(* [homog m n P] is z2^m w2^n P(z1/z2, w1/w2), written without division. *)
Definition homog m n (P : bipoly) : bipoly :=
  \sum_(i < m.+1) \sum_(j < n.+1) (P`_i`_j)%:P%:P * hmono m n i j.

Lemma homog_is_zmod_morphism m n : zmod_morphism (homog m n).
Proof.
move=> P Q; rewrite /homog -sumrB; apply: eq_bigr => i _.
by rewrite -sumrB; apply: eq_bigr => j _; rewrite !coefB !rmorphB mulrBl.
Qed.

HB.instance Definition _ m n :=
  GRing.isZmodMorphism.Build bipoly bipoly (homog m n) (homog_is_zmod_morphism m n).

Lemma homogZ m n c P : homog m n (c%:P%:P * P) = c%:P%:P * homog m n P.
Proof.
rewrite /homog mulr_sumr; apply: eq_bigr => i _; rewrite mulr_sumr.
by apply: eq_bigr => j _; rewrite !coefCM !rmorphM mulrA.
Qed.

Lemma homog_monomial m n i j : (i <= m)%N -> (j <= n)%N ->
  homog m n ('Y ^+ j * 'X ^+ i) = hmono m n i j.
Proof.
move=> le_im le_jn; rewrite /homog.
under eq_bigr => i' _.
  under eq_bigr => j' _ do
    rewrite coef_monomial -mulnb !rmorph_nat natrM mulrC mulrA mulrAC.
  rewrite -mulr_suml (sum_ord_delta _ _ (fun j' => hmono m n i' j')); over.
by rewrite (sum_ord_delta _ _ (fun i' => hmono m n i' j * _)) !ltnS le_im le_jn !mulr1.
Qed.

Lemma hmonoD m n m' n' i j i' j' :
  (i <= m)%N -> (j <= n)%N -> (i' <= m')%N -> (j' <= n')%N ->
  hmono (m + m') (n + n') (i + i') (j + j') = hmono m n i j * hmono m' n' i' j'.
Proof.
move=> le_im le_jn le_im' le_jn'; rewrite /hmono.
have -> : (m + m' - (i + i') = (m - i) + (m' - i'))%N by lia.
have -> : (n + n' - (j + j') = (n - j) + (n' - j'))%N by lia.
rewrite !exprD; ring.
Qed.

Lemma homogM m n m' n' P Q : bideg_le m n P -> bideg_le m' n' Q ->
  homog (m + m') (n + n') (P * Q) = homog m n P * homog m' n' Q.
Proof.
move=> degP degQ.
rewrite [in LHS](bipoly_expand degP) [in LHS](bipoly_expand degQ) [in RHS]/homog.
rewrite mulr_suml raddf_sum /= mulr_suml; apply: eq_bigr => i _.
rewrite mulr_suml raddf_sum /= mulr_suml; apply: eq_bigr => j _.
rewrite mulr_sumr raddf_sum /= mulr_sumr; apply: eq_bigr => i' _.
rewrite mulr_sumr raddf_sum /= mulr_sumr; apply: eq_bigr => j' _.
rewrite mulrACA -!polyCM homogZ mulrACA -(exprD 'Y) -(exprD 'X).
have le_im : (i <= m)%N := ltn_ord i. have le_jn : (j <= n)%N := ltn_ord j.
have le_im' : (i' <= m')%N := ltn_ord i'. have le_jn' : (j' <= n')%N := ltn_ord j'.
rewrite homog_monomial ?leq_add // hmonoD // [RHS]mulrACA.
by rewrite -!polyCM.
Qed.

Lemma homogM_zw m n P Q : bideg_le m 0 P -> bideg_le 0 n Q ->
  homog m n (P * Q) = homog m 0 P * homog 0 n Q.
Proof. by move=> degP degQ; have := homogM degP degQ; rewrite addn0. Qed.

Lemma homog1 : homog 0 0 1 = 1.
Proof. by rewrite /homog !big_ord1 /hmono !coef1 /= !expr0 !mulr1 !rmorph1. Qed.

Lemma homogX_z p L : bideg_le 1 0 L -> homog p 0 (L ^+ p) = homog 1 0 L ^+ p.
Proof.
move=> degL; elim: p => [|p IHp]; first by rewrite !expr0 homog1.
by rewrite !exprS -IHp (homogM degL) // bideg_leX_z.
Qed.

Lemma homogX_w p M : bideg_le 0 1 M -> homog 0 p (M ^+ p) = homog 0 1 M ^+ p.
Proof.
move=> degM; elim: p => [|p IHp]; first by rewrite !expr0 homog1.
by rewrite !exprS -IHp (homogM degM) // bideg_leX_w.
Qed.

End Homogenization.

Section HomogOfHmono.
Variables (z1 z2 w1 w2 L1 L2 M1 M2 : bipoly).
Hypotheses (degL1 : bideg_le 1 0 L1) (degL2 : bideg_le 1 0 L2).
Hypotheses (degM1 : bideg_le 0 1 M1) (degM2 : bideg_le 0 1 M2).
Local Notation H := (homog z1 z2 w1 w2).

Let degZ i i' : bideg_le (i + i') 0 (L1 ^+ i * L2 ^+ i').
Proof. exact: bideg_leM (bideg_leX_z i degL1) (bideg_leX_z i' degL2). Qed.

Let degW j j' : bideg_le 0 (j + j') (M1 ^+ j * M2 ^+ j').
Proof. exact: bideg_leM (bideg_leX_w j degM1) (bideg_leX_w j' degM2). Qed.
---
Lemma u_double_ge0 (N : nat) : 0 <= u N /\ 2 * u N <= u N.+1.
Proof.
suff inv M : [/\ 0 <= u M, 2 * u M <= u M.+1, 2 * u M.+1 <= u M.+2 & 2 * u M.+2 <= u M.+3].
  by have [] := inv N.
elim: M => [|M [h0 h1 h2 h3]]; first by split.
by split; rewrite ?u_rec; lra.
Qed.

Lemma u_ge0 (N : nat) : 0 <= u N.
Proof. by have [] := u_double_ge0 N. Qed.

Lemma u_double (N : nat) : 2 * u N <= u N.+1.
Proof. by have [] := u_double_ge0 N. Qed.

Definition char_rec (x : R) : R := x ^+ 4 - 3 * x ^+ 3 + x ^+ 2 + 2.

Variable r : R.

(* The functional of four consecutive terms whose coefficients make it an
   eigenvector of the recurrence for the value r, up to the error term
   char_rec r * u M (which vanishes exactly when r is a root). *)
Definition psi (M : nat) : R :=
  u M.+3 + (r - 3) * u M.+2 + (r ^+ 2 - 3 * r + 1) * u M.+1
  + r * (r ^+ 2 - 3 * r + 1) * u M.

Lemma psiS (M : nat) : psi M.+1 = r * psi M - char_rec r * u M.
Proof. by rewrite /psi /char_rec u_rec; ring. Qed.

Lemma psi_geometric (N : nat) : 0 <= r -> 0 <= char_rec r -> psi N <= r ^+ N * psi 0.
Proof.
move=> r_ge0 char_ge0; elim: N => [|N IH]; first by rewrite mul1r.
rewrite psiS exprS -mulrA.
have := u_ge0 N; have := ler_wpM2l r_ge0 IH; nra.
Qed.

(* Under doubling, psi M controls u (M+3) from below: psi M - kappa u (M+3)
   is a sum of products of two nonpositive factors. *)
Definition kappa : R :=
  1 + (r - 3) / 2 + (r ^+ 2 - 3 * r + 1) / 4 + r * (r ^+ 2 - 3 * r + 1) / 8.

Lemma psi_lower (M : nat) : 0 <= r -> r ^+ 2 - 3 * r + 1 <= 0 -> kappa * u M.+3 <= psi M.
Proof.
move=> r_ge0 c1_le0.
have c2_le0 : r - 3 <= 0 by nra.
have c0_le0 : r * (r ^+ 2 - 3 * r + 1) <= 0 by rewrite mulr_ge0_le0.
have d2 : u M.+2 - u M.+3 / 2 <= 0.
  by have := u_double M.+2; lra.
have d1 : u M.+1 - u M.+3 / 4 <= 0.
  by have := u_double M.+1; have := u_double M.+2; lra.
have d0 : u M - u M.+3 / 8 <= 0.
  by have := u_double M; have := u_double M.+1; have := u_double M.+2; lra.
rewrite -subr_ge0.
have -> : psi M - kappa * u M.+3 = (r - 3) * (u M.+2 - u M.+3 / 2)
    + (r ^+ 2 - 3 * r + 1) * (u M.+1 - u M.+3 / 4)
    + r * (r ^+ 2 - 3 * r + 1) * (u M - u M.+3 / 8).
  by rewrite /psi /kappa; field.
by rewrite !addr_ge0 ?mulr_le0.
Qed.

● **WORK TO BE COMPLETED**:
Among the records above, repeat exactly the line with "(* [homog m", the line with "rewrite /homog mulr_sumr;", and every line in between, and only those.

● **WRITTEN REPLY**:
(* [homog m n P] is z2^m w2^n P(z1/z2, w1/w2), written without division. *)
Definition homog m n (P : bipoly) : bipoly :=
  \sum_(i < m.+1) \sum_(j < n.+1) (P`_i`_j)%:P%:P * hmono m n i j.

Lemma homog_is_zmod_morphism m n : zmod_morphism (homog m n).
Proof.
move=> P Q; rewrite /homog -sumrB; apply: eq_bigr => i _.
by rewrite -sumrB; apply: eq_bigr => j _; rewrite !coefB !rmorphB mulrBl.
Qed.

HB.instance Definition _ m n :=
  GRing.isZmodMorphism.Build bipoly bipoly (homog m n) (homog_is_zmod_morphism m n).

Lemma homogZ m n c P : homog m n (c%:P%:P * P) = c%:P%:P * homog m n P.
Proof.
rewrite /homog mulr_sumr; apply: eq_bigr => i _; rewrite mulr_sumr.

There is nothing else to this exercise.